Segment Start: TASK INPUTS
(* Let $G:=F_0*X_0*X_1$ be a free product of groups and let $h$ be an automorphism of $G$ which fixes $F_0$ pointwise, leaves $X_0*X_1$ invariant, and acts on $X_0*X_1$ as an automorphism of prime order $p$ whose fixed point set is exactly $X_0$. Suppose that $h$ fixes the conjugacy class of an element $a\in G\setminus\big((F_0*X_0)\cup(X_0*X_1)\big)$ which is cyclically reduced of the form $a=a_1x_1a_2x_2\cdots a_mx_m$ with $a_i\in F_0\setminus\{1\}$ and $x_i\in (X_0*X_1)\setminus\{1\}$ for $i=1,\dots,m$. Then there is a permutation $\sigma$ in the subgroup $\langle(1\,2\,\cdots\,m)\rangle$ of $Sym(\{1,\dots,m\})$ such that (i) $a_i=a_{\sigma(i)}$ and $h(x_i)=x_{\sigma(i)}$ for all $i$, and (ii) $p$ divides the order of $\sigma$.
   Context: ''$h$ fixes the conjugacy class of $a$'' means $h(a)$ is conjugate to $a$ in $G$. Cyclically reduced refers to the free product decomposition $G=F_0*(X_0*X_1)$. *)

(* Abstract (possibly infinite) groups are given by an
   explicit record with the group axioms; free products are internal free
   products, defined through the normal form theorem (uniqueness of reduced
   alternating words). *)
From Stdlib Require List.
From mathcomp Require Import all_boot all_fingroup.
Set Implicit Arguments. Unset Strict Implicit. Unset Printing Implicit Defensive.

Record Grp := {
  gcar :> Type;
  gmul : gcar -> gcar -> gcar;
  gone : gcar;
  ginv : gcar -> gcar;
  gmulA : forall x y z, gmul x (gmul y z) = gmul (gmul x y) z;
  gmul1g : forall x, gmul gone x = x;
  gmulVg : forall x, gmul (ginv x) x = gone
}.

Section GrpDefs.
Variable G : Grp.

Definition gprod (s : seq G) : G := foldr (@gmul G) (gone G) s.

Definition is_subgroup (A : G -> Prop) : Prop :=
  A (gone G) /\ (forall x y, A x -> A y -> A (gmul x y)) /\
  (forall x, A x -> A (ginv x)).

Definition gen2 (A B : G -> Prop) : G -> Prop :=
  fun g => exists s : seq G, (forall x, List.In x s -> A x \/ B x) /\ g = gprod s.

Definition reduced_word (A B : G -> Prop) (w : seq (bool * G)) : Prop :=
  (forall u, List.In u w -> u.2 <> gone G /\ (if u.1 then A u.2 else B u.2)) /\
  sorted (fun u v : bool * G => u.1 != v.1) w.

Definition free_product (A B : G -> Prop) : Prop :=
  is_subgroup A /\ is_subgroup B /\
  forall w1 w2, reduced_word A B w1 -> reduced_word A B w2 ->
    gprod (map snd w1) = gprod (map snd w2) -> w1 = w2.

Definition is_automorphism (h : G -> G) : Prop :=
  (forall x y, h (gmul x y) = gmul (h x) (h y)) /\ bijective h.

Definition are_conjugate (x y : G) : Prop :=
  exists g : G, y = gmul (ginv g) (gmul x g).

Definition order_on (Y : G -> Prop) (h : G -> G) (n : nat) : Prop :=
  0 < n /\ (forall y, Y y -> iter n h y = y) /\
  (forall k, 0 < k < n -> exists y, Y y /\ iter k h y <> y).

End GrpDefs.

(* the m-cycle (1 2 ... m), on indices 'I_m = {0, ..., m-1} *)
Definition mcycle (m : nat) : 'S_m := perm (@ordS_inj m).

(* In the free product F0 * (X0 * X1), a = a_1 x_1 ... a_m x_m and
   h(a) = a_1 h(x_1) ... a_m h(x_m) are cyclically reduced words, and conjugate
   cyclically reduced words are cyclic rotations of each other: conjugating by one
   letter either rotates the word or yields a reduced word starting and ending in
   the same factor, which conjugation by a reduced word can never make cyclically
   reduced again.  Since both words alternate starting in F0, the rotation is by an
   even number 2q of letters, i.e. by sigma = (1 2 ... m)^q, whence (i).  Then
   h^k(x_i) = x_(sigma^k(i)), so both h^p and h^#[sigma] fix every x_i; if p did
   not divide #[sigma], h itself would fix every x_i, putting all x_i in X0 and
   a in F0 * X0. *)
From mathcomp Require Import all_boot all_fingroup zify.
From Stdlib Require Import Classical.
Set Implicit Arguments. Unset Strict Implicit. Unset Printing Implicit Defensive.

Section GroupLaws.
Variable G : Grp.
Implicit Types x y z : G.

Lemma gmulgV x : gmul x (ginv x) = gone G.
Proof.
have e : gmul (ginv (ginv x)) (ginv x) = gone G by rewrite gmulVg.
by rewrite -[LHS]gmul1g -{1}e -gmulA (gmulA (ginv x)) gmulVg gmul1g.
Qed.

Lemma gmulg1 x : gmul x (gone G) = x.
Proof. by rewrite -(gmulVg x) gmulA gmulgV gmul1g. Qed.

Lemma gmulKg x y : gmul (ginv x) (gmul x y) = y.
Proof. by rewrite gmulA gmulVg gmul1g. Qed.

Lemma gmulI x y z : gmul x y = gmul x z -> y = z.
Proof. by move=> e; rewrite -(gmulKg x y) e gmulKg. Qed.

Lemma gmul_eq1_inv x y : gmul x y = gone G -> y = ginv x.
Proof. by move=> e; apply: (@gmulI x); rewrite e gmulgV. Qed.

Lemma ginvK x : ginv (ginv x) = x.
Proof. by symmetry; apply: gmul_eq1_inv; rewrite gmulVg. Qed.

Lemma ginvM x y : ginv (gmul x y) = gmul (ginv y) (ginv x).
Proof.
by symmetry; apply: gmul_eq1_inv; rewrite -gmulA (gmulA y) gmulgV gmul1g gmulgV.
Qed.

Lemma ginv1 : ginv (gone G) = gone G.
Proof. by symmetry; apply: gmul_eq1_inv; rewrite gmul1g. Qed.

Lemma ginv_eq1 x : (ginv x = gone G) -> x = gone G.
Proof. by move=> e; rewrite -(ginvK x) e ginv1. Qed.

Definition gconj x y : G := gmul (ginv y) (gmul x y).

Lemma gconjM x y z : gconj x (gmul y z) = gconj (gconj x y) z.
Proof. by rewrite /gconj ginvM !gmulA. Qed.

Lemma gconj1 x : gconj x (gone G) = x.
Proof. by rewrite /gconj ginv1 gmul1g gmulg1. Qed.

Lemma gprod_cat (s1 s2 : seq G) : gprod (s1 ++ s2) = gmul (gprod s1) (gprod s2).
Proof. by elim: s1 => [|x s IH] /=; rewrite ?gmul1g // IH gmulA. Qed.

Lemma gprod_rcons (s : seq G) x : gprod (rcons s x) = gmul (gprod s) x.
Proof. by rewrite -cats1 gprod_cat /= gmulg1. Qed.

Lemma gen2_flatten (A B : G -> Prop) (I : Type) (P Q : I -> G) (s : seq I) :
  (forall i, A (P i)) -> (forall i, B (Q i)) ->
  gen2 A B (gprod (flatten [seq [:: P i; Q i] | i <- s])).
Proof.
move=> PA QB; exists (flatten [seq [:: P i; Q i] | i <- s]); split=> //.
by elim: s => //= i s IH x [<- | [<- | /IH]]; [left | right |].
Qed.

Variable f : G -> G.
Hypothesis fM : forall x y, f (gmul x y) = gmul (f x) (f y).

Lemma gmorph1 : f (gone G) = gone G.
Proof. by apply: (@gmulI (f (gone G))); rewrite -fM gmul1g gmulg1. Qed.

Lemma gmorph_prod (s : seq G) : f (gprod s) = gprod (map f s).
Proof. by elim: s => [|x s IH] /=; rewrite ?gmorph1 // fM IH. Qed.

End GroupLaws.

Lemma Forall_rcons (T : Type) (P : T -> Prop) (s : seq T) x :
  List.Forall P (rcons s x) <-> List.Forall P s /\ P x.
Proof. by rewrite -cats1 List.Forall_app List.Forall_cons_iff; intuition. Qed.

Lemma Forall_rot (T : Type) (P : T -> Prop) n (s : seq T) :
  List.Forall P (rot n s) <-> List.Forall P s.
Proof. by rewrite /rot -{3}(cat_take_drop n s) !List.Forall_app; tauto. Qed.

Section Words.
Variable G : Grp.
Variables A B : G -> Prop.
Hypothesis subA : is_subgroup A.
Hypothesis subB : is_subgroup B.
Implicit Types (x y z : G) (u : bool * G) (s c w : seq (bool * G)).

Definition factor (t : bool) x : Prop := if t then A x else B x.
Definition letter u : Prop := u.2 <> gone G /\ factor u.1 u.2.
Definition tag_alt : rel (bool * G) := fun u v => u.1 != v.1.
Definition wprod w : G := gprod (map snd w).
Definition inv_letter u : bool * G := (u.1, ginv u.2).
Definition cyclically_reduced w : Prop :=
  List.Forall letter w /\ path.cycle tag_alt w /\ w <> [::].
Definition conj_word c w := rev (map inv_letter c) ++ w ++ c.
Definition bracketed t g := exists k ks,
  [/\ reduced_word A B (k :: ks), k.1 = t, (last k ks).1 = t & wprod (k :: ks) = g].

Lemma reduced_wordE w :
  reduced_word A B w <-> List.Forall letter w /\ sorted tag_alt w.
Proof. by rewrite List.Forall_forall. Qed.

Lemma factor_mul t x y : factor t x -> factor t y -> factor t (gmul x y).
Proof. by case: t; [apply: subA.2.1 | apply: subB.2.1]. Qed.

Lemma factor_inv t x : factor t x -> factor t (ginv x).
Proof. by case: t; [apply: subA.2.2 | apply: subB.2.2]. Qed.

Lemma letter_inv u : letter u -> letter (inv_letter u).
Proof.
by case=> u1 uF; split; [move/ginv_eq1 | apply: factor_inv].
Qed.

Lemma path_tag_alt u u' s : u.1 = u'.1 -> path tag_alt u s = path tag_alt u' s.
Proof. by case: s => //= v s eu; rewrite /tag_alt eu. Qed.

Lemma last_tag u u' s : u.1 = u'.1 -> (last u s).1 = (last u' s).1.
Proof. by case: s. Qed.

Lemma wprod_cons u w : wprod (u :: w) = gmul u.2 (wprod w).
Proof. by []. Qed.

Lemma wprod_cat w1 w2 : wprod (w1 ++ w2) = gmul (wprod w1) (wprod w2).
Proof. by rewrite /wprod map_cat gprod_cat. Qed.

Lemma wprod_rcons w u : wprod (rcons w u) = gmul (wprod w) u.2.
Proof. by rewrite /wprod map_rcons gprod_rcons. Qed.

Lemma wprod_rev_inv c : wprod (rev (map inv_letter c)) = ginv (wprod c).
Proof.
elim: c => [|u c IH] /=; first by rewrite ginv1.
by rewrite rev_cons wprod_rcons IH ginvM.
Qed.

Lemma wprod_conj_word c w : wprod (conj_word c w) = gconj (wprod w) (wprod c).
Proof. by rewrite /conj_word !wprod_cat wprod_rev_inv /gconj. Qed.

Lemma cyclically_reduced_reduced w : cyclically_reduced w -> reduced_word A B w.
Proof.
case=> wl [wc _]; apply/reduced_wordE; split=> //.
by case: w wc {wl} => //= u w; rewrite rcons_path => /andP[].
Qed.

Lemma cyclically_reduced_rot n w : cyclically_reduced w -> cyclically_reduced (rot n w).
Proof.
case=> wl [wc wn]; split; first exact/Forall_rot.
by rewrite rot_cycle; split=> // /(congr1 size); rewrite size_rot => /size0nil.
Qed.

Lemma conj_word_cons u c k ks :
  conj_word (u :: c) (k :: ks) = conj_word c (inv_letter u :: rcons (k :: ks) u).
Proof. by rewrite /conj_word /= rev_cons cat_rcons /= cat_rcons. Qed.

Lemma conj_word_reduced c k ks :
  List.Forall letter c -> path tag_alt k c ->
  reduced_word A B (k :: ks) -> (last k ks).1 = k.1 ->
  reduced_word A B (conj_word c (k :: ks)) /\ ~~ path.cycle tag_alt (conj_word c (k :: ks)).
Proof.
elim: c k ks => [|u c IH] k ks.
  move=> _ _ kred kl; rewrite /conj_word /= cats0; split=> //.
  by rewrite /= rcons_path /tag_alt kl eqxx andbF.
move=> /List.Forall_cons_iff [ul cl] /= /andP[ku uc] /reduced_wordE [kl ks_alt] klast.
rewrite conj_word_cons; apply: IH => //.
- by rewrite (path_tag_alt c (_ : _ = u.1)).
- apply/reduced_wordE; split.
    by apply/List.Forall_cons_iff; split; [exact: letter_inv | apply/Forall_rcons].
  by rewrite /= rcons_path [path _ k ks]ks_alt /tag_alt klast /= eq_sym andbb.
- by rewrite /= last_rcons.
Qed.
Segment End: TASK INPUTS
Segment Start: TASK INPUTS
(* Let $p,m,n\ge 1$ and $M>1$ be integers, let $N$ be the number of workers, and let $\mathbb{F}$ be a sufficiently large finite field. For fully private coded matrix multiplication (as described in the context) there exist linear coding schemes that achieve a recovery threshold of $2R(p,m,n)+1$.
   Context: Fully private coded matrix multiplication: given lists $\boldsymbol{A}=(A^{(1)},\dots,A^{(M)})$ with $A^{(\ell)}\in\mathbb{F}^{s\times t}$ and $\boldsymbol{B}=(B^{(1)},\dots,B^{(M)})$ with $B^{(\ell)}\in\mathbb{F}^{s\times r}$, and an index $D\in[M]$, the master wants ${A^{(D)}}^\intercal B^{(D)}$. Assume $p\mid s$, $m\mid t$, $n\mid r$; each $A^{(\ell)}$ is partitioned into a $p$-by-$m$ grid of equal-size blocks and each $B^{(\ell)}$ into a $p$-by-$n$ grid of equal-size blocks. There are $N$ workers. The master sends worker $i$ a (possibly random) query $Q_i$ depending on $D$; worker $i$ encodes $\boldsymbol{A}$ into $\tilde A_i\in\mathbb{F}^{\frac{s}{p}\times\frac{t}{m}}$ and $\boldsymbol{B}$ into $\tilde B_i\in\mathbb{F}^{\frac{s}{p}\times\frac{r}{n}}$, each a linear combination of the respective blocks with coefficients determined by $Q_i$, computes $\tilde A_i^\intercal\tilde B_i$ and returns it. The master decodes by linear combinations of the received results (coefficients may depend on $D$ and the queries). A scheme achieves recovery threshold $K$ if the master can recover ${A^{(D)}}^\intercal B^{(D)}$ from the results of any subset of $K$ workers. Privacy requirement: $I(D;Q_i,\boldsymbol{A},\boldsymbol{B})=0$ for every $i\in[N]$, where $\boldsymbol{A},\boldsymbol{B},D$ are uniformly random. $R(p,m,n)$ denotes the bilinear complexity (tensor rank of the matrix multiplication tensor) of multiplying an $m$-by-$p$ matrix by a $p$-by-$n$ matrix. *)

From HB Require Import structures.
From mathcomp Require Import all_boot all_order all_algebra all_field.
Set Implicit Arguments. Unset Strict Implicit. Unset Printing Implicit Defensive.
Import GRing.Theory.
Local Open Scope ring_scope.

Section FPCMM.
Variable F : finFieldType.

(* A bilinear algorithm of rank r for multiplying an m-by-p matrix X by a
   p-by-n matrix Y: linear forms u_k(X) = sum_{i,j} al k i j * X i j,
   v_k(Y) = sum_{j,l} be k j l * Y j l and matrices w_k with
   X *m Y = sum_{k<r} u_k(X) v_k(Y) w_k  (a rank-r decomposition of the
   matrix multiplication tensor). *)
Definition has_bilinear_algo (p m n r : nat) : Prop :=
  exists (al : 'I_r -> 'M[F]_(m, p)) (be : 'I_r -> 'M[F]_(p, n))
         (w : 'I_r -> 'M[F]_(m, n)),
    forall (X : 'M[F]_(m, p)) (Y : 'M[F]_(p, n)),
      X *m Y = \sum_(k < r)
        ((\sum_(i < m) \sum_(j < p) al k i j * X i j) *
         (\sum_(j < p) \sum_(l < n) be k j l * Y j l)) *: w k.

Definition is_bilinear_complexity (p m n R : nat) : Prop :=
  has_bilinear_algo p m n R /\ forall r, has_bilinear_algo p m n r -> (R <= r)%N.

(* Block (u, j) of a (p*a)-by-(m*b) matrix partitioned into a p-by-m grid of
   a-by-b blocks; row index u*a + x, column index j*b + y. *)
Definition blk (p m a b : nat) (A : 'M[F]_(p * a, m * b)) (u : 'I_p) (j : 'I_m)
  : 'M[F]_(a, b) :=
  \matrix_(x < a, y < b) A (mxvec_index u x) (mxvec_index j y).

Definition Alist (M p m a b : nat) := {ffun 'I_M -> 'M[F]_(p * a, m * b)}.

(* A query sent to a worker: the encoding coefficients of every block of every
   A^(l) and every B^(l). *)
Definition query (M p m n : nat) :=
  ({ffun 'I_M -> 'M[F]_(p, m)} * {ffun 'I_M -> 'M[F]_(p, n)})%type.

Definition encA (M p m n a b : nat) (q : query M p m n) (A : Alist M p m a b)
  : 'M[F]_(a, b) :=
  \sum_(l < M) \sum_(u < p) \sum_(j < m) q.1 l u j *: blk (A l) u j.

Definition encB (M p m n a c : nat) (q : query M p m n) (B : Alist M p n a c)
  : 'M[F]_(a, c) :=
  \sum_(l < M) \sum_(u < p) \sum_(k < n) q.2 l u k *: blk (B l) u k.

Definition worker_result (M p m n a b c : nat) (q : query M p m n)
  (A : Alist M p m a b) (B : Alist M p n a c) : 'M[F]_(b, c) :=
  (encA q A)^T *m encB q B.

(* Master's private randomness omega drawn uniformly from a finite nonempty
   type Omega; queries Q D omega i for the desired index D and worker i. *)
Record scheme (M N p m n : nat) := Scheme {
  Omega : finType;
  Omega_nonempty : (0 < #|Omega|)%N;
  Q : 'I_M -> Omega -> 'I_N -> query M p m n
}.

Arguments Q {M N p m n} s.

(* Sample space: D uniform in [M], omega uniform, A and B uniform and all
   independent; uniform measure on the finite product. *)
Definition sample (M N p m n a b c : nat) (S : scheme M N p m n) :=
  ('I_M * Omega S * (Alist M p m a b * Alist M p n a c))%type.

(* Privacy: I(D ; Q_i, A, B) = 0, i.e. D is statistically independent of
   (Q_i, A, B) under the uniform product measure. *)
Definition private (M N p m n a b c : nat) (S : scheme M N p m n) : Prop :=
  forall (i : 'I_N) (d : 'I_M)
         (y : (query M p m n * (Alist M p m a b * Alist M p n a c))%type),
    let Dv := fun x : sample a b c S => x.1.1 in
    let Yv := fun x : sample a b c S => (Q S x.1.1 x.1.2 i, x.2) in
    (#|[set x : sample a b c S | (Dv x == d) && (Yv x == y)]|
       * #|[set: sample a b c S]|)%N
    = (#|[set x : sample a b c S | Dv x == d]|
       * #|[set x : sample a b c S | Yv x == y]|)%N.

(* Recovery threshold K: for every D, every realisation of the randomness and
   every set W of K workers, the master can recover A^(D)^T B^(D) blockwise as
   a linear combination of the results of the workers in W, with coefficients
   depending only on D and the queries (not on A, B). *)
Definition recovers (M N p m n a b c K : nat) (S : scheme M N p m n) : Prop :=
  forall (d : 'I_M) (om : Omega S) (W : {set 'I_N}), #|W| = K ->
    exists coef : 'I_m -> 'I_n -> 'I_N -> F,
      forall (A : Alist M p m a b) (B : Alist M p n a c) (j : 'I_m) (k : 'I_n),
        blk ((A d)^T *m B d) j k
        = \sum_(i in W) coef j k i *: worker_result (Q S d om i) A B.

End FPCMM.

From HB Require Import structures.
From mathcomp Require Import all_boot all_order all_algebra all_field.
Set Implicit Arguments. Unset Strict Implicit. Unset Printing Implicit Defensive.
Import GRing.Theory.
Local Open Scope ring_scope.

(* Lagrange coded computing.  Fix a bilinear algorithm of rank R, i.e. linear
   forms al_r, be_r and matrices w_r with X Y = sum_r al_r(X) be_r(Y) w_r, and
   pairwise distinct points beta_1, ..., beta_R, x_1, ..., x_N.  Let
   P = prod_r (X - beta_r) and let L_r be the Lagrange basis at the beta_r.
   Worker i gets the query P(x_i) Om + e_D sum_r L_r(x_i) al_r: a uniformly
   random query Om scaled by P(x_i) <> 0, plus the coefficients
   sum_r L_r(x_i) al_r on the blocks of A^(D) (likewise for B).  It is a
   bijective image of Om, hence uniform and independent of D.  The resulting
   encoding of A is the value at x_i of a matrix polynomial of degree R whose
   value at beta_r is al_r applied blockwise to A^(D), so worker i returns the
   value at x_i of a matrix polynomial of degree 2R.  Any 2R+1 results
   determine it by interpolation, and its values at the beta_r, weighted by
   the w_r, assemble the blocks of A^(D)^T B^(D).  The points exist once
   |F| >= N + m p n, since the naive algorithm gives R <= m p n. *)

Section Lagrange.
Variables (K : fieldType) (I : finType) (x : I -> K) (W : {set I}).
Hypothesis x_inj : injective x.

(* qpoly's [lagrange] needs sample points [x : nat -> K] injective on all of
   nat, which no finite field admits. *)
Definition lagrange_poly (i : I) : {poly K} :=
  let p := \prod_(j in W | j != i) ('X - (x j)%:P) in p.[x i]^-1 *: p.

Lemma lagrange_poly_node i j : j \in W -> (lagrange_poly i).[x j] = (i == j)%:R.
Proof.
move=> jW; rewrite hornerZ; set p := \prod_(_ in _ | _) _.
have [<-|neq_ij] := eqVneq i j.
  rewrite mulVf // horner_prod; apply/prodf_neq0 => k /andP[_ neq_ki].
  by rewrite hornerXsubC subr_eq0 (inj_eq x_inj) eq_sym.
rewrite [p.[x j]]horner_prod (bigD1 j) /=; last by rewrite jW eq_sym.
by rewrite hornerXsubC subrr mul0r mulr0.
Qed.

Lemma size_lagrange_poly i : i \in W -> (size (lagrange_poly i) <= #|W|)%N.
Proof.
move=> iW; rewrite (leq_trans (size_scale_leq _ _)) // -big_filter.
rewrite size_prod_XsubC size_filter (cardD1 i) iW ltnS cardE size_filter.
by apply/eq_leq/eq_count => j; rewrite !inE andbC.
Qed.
Segment End: TASK INPUTS
Segment Start: TASK INPUTS
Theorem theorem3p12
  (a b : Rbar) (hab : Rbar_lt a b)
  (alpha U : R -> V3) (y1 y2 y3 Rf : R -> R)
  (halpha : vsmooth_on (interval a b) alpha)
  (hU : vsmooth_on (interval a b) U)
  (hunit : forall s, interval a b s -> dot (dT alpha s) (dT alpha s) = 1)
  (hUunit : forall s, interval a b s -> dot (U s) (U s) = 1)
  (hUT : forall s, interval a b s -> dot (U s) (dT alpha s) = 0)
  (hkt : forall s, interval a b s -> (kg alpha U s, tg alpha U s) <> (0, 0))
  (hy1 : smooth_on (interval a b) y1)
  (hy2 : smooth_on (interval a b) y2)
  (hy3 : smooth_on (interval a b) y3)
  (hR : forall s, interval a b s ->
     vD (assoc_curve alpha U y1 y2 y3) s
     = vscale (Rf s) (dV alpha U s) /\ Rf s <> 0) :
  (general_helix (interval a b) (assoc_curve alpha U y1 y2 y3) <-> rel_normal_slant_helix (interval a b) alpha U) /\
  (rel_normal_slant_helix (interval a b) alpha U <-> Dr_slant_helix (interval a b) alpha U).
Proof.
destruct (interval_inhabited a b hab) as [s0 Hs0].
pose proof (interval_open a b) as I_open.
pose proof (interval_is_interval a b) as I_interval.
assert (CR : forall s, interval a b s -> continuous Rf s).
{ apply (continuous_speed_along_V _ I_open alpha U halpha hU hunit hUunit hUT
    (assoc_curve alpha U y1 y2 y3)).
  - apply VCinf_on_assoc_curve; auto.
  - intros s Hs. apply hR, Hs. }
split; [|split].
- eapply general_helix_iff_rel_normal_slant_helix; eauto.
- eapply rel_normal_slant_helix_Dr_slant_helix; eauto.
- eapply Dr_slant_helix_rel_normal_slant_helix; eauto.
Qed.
Segment End: TASK INPUTS
## WORK INSTRUCTIONS
Your task is to retype the entries verbatim, starting with the line that holds "Definition is_subgroup (A" and stopping after the line that holds "fun g => exists".

## ANSWER
Definition is_subgroup (A : G -> Prop) : Prop :=
  A (gone G) /\ (forall x y, A x -> A y -> A (gmul x y)) /\
  (forall x, A x -> A (ginv x)).

Definition gen2 (A B : G -> Prop) : G -> Prop :=
  fun g => exists s : seq G, (forall x, List.In x s -> A x \/ B x) /\ g = gprod s.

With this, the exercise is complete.